The main function operator routine was modified to support this partial transition. When the end-of-line is reached, a new token is created and returned (using the new token table function). The get identifier routine is called in an if statement by itself receiving the return value in a if-scoped variable, which is returned if set:

if (TokenPtr token = getIdentifier()) {
return token;
}

For now, the current creation of a new token was moved to after the statements above. It will continue being moved as each get routine is changed until all have been changed at which time it will be removed along with token member pointer.

[branch parser commit e34fbccacc]

Sunday, October 26, 2014

Parser – STL Preparations

The changes required to make the parser routines use the STL are going to be extensive, but an attempt will be made to break the changes into smaller incremental changes. Since the parser routines make use of various table functions, it will be necessary to modify the table entries and its functions to use STL. Some preparatory changes were made.

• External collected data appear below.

(* Let $\omega:\mathbb N\to[1,\infty)$ be a weight on $\mathbb N_{\min}$ with $\sup_n\min(\omega(n),\omega(n+1))=+\infty$. Then $(\ell^1_\omega(\mathbb N_{\min}),M_2(\mathbb C))$ is not an AMNM pair.
   Context: $\mathbb N_{\min}$ is the semilattice $\mathbb N$ with product $\min$; every $\omega:\mathbb N\to[1,\infty)$ is a submultiplicative weight on it. $\ell^1_\omega(\mathbb N_{\min})$ is the Banach space of $a:\mathbb N\to\mathbb C$ with $\|a\|=\sum_n|a(n)|\omega(n)<\infty$, with convolution $\delta_m*\delta_n=\delta_{\min(m,n)}$. $M_2(\mathbb C)$ has the operator norm. For a bounded linear $T:A\to B$ between Banach algebras, $\operatorname{def}(T)=\sup\{\|T(xy)-T(x)T(y)\|:\|x\|,\|y\|\le1\}$ and $\operatorname{Mult}(A,B)$ is the set of bounded multiplicative linear maps (including $0$). $(A,B)$ is an AMNM pair if for every $K>0$, $\varepsilon>0$ there is $\delta>0$ such that every bounded linear $T:A\to B$ with $\|T\|\le K$ and $\operatorname{def}(T)\le\delta$ satisfies $\operatorname{dist}(T,\operatorname{Mult}(A,B))\le\varepsilon$ in operator norm. *)

From Stdlib Require Import Reals Classical ClassicalDescription ClassicalEpsilon.
Open Scope R_scope.

Definition C : Type := (R * R)%type.
Definition C0 : C := (0, 0).
Definition Cadd (z w : C) : C := (fst z + fst w, snd z + snd w).
Definition Copp (z : C) : C := (- fst z, - snd z).
Definition Cmul (z w : C) : C :=
  (fst z * fst w - snd z * snd w, fst z * snd w + snd z * fst w).
Definition Cmod (z : C) : R := sqrt (fst z ^ 2 + snd z ^ 2).

Definition Rsup (E : R -> Prop) : R :=
  match excluded_middle_informative (bound E /\ exists x, E x) with
  | left H => proj1_sig (completeness E (proj1 H) (proj2 H))
  | right _ => 0
  end.
Definition Rinf (E : R -> Prop) : R := - Rsup (fun x => E (- x)).

(* sum of a convergent real series (0 if it diverges) *)
Definition Rsum (u : nat -> R) : R :=
  match excluded_middle_informative
          (exists l, Un_cv (fun N => sum_f_R0 u N) l) with
  | left H => proj1_sig (constructive_indefinite_description _ H)
  | right _ => 0
  end.
Definition Csum (u : nat -> C) : C :=
  (Rsum (fun n => fst (u n)), Rsum (fun n => snd (u n))).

The table entries are divided into several groups for searching, which includes plain word, parentheses words, data type words and symbols. The parser utilizes these groups when searching if strings have a code. The data type words section was empty and upon consideration it was concluded that this group is not needed. This group may have been originally conceived for internal functions that don't have arguments (for example, a DATE$ function). However, these internal functions can go into the plain word group (the RND no argument function is already in this group). This group type along with its bracketing entries were removed.

[branch parser commit 0043105154]

The issue of the token being left allocated when the parser throws an exception could be resolved by not creating a token until a valid token is found. Used of the token member before an exception is thrown were examined and the only use was in the creation of the error exception. The only token members used were its column and length. The column was always the same as the current input position (except one instance) and the length was always 1.

All of the throw statements were modified to not use the token instead using the current input position with a length of 1. One case used a length of 2 (2 was previously used). For the "floating point constant is out of range" error, the statement to set the new input position was moved to after an error is thrown.

For the "expected sign or digits for exponent in floating point constant" error, two columns were reported, the column at the beginning of the number (for operator state) and the alternate column at the beginning of the error (for operand state). A number token is no longer accepted when invalid, so only the alternate column was being used. This mechanism was not needed, and for this error, the position of the error only is reported. This mechanism was also removed from the tester print error function.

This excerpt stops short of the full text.